--- RECORDS SHOWN ---
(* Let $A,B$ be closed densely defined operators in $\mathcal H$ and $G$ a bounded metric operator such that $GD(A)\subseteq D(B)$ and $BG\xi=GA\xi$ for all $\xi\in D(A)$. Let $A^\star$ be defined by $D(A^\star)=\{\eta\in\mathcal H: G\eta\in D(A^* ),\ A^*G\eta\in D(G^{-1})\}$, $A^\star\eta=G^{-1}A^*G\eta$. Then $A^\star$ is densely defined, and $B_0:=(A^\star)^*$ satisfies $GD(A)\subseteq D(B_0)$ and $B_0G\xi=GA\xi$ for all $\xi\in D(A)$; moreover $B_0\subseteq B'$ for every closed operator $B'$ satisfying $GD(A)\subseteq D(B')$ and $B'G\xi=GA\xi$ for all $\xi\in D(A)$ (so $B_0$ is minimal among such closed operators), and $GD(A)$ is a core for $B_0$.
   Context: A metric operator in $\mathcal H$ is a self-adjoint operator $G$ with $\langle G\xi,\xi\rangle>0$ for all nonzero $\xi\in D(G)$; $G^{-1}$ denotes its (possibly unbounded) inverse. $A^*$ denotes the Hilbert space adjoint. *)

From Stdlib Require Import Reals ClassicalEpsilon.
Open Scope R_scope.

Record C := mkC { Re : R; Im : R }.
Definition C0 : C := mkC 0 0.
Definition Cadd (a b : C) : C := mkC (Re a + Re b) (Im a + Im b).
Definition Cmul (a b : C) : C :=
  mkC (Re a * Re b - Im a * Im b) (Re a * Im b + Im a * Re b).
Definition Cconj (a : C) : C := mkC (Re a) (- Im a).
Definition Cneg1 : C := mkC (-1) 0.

--- ASSIGNMENT ---
Print the records once more, exactly as they were given.

--- COMPLETED TASK ---
(* Let $A,B$ be closed densely defined operators in $\mathcal H$ and $G$ a bounded metric operator such that $GD(A)\subseteq D(B)$ and $BG\xi=GA\xi$ for all $\xi\in D(A)$. Let $A^\star$ be defined by $D(A^\star)=\{\eta\in\mathcal H: G\eta\in D(A^* ),\ A^*G\eta\in D(G^{-1})\}$, $A^\star\eta=G^{-1}A^*G\eta$. Then $A^\star$ is densely defined, and $B_0:=(A^\star)^*$ satisfies $GD(A)\subseteq D(B_0)$ and $B_0G\xi=GA\xi$ for all $\xi\in D(A)$; moreover $B_0\subseteq B'$ for every closed operator $B'$ satisfying $GD(A)\subseteq D(B')$ and $B'G\xi=GA\xi$ for all $\xi\in D(A)$ (so $B_0$ is minimal among such closed operators), and $GD(A)$ is a core for $B_0$.
   Context: A metric operator in $\mathcal H$ is a self-adjoint operator $G$ with $\langle G\xi,\xi\rangle>0$ for all nonzero $\xi\in D(G)$; $G^{-1}$ denotes its (possibly unbounded) inverse. $A^*$ denotes the Hilbert space adjoint. *)

From Stdlib Require Import Reals ClassicalEpsilon.
Open Scope R_scope.

Record C := mkC { Re : R; Im : R }.
Definition C0 : C := mkC 0 0.
Definition Cadd (a b : C) : C := mkC (Re a + Re b) (Im a + Im b).
Definition Cmul (a b : C) : C :=
  mkC (Re a * Re b - Im a * Im b) (Re a * Im b + Im a * Re b).
Definition Cconj (a : C) : C := mkC (Re a) (- Im a).
Definition Cneg1 : C := mkC (-1) 0.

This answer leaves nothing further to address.